11. The electrolyte solution for a lithium secondary battery according to claim 1, wherein the organic solvent does not comprise a carbonate-based solvent.

12. The electrolyte solution for a lithium secondary battery according to claim 11, wherein the carbonate-based solvent includes at least one of dimethyl carbonate, diethyl carbonate, dipropyl carbonate, ethylmethyl carbonate, methylpropyl carbonate, ethylpropyl carbonate, ethylene carbonate, propylene carbonate, 1,2-butylene carbonate, 2,3-butylene carbonate, 1,2-pentylene carbonate, 2,3-pentylene carbonate, vinylene carbonate, vinylethylene carbonate, or a halide thereof.

13. The electrolyte solution for a lithium secondary battery according to claim 1, wherein the nitrogen compound comprises a nitric acid compound or a nitrous acid-based compound.

14. The electrolyte solution for a lithium secondary battery according to claim 1, wherein the nitrogen compound is included in an amount of 2 wt% to 10 wt% based on a total weight of the electrolyte solution.

15. The electrolyte solution for a lithium secondary battery according to claim 1, wherein the electrolyte solution retains, after storage at a temperature of 45° C. or more, 90 wt% or more of LiTFSI relative to an initial weight of LiTFSI prior to storage.

16. The electrolyte solution for a lithium secondary battery according to claim 15, wherein the electrolyte solution retains, after storage at a temperature of 45° C. or more for 4 weeks, 90 wt% to 98 wt% of LiTFSI relative to the initial weight of LiTFSI prior to storage.

17. The electrolyte solution for a lithium secondary battery according to claim 15, wherein the storage temperature is 45° C. to 65° C.

18. A lithium secondary battery, comprising:

a positive electrode;

a negative electrode;

a separator between the positive electrode and the negative electrode; and

the electrolyte solution of claim 1.

19. The lithium secondary battery according to claim 18, wherein the positive electrode comprises a positive electrode active material, wherein the positive electrode active material comprises a sulfur-containing compound.

20. The lithium secondary battery according to claim 19, wherein the sulfur-containing compound comprises at least one of inorganic sulfur (Ss), lithium polysulfide (Li2Sn, 1≤n≤8), or carbon sulfur polymer (C2Sx)m, 2.5≤x≤50, 2≤m).

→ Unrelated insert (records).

Lemma probability_joint_box {N} (idx : 'I_N -> int) (B : 'I_N -> set U) :
  injective idx -> (forall i, measurable (B i)) ->
  P (joint idx @^-1` box B) = (\prod_(i <- enum 'I_N) P (xi 0 @^-1` B i))%E.
Proof.
move=> idx_inj mB.
pose B' (j : int) := if [pick i | idx i == j] is Some i then B i else setT.
have B'E i : B' (idx i) = B i.
  by rewrite /B'; case: pickP => [i' /eqP /idx_inj -> //|/(_ i)]; rewrite eqxx.
have -> : joint idx @^-1` box B =
    \bigcap_(j in [set` map idx (enum 'I_N)]) (xi j @^-1` B' j).
  apply/seteqP; split => w /=.
    by move=> Bw _ /mapP [i _ ->]; rewrite B'E; have := Bw i; rewrite tnth_mktuple.
  move=> B'w i; rewrite tnth_mktuple -B'E; apply: B'w.
  by apply/mapP; exists i; rewrite ?mem_enum.
rewrite xi_indep; first last.
- by move=> j _; rewrite /B'; case: pickP => // i _; exact: mB.
- by rewrite map_inj_uniq // enum_uniq.
by rewrite big_map; apply: eq_bigr => i _; rewrite B'E; exact: xi_ident.
Qed.

Section Reindexing.
Context {N : nat} {idx idx' : 'I_N -> int}.
Hypotheses (idx_inj : injective idx) (idx'_inj : injective idx').

(* Independence and identical distribution fix the law of [joint idx] on boxes,
   a pi-system generating the product sigma-algebra. *)
Lemma joint_law_reindex A : measurable A ->
  P (joint idx @^-1` A) = P (joint idx' @^-1` A).
Proof.
apply: (measure_unique (measurable_boxes N) (fun=> setT)
  (measurable_boxes_generate N) (setI_closed_measurable_boxes N) _ _
  (distribution P (joint_mfun idx)) (distribution P (joint_mfun idx'))).
- by move=> _; exists (fun=> setT) => //; apply/seteqP; split => t.
- by apply/seteqP; split => // t _; exists 0%N.
- move=> _ [B mB ->]; rewrite /distribution /pushforward /=.
  by rewrite [LHS]probability_joint_box // [RHS]probability_joint_box.
- by move=> _; rewrite (le_lt_trans (probability_le1 _ measurableT)) ?ltry.
Qed.

Lemma integrable_joint_reindex (F : N.-tuple U -> R) :
  measurable_fun [set: N.-tuple U] F ->
  P.-integrable [set: T] (EFin \o (F \o joint idx)) ->
  P.-integrable [set: T] (EFin \o (F \o joint idx')).
Proof.
move=> mF /integrableP[_ Fint]; apply/integrableP; split.
  exact/measurable_EFinP/measurableT_comp/measurable_joint.
have m_absF : measurable_fun [set: N.-tuple U] (fun t => `|(F t)%:E|%E).
  exact/measurableT_comp/measurable_EFinP.
have mj := measurable_joint idx; have mj' := measurable_joint idx'.
suff -> : (\int[P]_w `|(EFin \o (F \o joint idx')) w|
          = \int[P]_w `|(EFin \o (F \o joint idx)) w|)%E by [].
transitivity (\int[pushforward P (joint idx')]_t `|(F t)%:E|)%E.
  by rewrite ge0_integral_pushforward.
have law A : measurable A -> A `<=` setT ->
    pushforward P (joint idx') A = pushforward P (joint idx) A.
  by move=> mA _; rewrite /pushforward joint_law_reindex.
(* the premise of [eq_measure_integral] is closed by [law] through [//] *)
rewrite (eq_measure_integral (pushforward P (joint idx))) //.
by rewrite ge0_integral_pushforward.
Qed.

Lemma integral_joint_reindex (F : N.-tuple U -> R) :
  measurable_fun [set: N.-tuple U] F ->
  P.-integrable [set: T] (EFin \o (F \o joint idx)) ->
  (\int[P]_w (F (joint idx w))%:E = \int[P]_w (F (joint idx' w))%:E)%E.
Proof.
move=> mF Fint.
have mj := measurable_joint idx; have mj' := measurable_joint idx'.
have mEF : measurable_fun [set: N.-tuple U] (EFin \o F) by exact/measurable_EFinP.
have law A : measurable A -> A `<=` setT ->
    pushforward P (joint idx) A = pushforward P (joint idx') A.
  by move=> mA _; rewrite /pushforward joint_law_reindex.
transitivity (\int[pushforward P (joint idx)]_t (F t)%:E)%E.
  by rewrite integral_pushforward.
rewrite (eq_measure_integral (pushforward P (joint idx'))) //.
by rewrite integral_pushforward //; exact: integrable_joint_reindex.
Qed.

End Reindexing.
End JointLaw.

Section PartialSums.
Context {d} {T : measurableType d} {R : realType} (P : probability T R) {k : nat}
  (xi : int -> T -> k.-tuple R).
Local Notation U := (k.-tuple R).
Hypothesis measurable_xi : forall i, measurable_fun [set: T] (xi i).
Hypothesis xi_indep : mutually_independent P xi.
Hypothesis xi_ident : identically_distributed P xi.
Hypothesis xi_ge0 : forall i w, vnonneg (xi i w).

Local Notation succ p := (fun i : 'I_p => Posz i.+1).

Definition partial_sum (p : nat) (w : T) : U := vsum (joint xi (succ p) w).

Lemma partial_sumE p w j :
  tnth (partial_sum p w) j = \sum_(i < p) tnth (xi i.+1 w) j.
Proof. by rewrite tnth_mktuple; apply: eq_bigr => i _; rewrite tnth_mktuple. Qed.

Lemma partial_sum0 w : partial_sum 0 w = vzero R k.
Proof. by apply: eq_from_tnth => j; rewrite partial_sumE big_ord0 tnth_mktuple. Qed.

Lemma partial_sumS p w : partial_sum p.+1 w = vadd (partial_sum p w) (xi p.+1 w).
Proof.
by apply: eq_from_tnth => j; rewrite [RHS]tnth_mktuple !partial_sumE big_ord_recr.
Qed.

Lemma vnonneg_partial_sum p w : vnonneg (partial_sum p w).
Proof. by move=> j; rewrite partial_sumE; apply: sumr_ge0 => i _; exact: xi_ge0. Qed.

Lemma signed_sum_Posz p : signed_sum xi (Posz p) = partial_sum p.
Proof.
apply: funext => w; apply: eq_from_tnth => j; rewrite tnth_mktuple partial_sumE.
case: p => [|p]; first by rewrite big_ord0 sgr0 mul0r.
by rewrite gtr0_sg // mul1r big_add1 big_mkord.
Qed.

Lemma signed_sum_Negz p : signed_sum xi (- Posz p) = vopp \o partial_sum p.
Proof.
apply: funext => w; apply: eq_from_tnth => j.
rewrite /= [LHS]tnth_mktuple [RHS]tnth_mktuple partial_sumE sgrN abszN mulrNz mulNr.
case: p => [|p]; first by rewrite !big_ord0 sgr0 mul0r.
by rewrite gtr0_sg // mul1r big_add1 big_mkord.
Qed.

Lemma integrable_cst_partial_sum0 (h : U -> R) :
  P.-integrable [set: T] (EFin \o (h \o partial_sum 0)).
Proof.
rewrite (_ : h \o partial_sum 0 = cst (h (vzero R k))).
  exact: finite_measure_integrable_cst.
by apply: funext => w /=; rewrite partial_sum0.
Qed.

Lemma Rintegral_partial_sum0 (h : U -> R) :
  \int[P]_w h (partial_sum 0 w) = h (vzero R k).
Proof.
under eq_Rintegral do rewrite partial_sum0.
by rewrite Rintegral_cst // [X in fine X]probability_setT mulr1.
Qed.

Lemma second_difference_partial_sum (h : U -> R) m :
  supermodular h -> measurable_fun [set: U] h ->
  P.-integrable [set: T] (EFin \o (h \o partial_sum m)) ->
  P.-integrable [set: T] (EFin \o (h \o partial_sum m.+1)) ->
  P.-integrable [set: T] (EFin \o (h \o partial_sum m.+2)) ->
  0 <= \int[P]_w h (partial_sum m w) + \int[P]_w h (partial_sum m.+2 w)
       - 2 * \int[P]_w h (partial_sum m.+1 w).
Proof.
move=> h_sm mh int_m int_m1 int_m2.
(* the indices 1, ..., m, m + 2, whose partial sum is S_m + xi_(m+2) *)
pose idx (i : 'I_m.+1) := Posz (if i == m :> nat then m.+2 else i.+1).
have succ_inj : injective (succ m.+1) by move=> i j [] /val_inj.
have idx_inj : injective idx.
  move=> i j [] ij; apply: val_inj; move: ij (ltn_ord i) (ltn_ord j) => /=.
  by do 2 case: eqP => ?; lia.
have vsum_idx w : vadd (partial_sum m w) (xi m.+2 w) = vsum (joint xi idx w).
  apply: eq_from_tnth => j; rewrite [LHS]tnth_mktuple partial_sumE [RHS]tnth_mktuple.
  under [RHS]eq_bigr do rewrite tnth_mktuple.
  rewrite [RHS]big_ord_recr /= /idx /= eqxx; congr (_ + _); apply: eq_bigr => i _.
  by rewrite /= (ltn_eqF (ltn_ord i)).
have mhv : measurable_fun [set: m.+1.-tuple U] (h \o vsum).
  exact: measurableT_comp mh (measurable_vsum _).
have h_idx :
    (fun w => h (vadd (partial_sum m w) (xi m.+2 w))) = (h \o vsum) \o joint xi idx.
  by apply: funext => w /=; rewrite vsum_idx.
have int_idx :
    P.-integrable [set: T] (EFin \o (fun w => h (vadd (partial_sum m w) (xi m.+2 w)))).
  rewrite h_idx.
  exact: (integrable_joint_reindex P xi measurable_xi xi_indep xi_ident succ_inj idx_inj
    (h \o vsum) mhv int_m1).
have swap : \int[P]_w h (partial_sum m.+1 w)
           = \int[P]_w h (vadd (partial_sum m w) (xi m.+2 w)).
  under [RHS]eq_Rintegral do rewrite vsum_idx.
  rewrite /Rintegral; congr fine.
  exact: (integral_joint_reindex P xi measurable_xi xi_indep xi_ident succ_inj idx_inj
    (h \o vsum) mhv int_m1).
have key : \int[P]_w (h (partial_sum m.+1 w) + h (vadd (partial_sum m w) (xi m.+2 w)))
           <= \int[P]_w (h (partial_sum m w) + h (partial_sum m.+2 w)).
  apply: le_Rintegral => //.
  - exact: integrableD int_m1 int_idx.
  - exact: integrableD int_m int_m2.
  - by move=> w _; rewrite !partial_sumS; exact: h_sm.
rewrite !RintegralD // -swap in key; lra.
Qed.

Lemma second_difference_partial_sum_at0 (h : U -> R) :
  supermodular h ->
  P.-integrable [set: T] (EFin \o (h \o partial_sum 1)) ->
  P.-integrable [set: T] (EFin \o ((h \o vopp) \o partial_sum 1)) ->
  0 <= \int[P]_w h (vopp (partial_sum 1 w)) + \int[P]_w h (partial_sum 1 w)
       - 2 * h (vzero R k).
Proof.
move=> h_sm int_1 int_opp1.
have key : \int[P]_w (2 * h (vzero R k))
           <= \int[P]_w (h (vopp (partial_sum 1 w)) + h (partial_sum 1 w)).
  apply: le_Rintegral => //.
  - exact: finite_measure_integrable_cst.
  - exact: integrableD int_opp1 int_1.
  - move=> w _; set x := partial_sum 1 w.
    have := h_sm (vopp x) x x (vnonneg_partial_sum 1 w) (vnonneg_partial_sum 1 w).
    rewrite vaddNr vadd0r; lra.
rewrite RintegralD // Rintegral_cst // [X in fine X]probability_setT mulr1 in key.
lra.
Qed.

Lemma integrable_comp_partial_sum (h : U -> R) p :
  (Posz p != 0 -> P.-integrable [set: T] (EFin \o (h \o signed_sum xi (Posz p)))) ->
  P.-integrable [set: T] (EFin \o (h \o partial_sum p)).
Proof.
case: p => [_|p /(_ isT)]; first exact: integrable_cst_partial_sum0.
by rewrite signed_sum_Posz.
Qed.

Lemma integrable_comp_opp_partial_sum (h : U -> R) p :
  (- Posz p != 0 -> P.-integrable [set: T] (EFin \o (h \o signed_sum xi (- Posz p)))) ->
  P.-integrable [set: T] (EFin \o ((h \o vopp) \o partial_sum p)).
Proof.
case: p => [_|p /(_ isT)]; first exact: integrable_cst_partial_sum0.
by rewrite signed_sum_Negz.
Qed.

21. The lithium secondary battery according to claim 18, wherein the negative electrode comprises a negative electrode active material, wherein the negative electrode active material comprises at least one of a lithium metal or a lithium alloy.

22. The lithium secondary battery according to claim 18, wherein the lithium secondary battery is a coin-type battery or a pouch-type battery.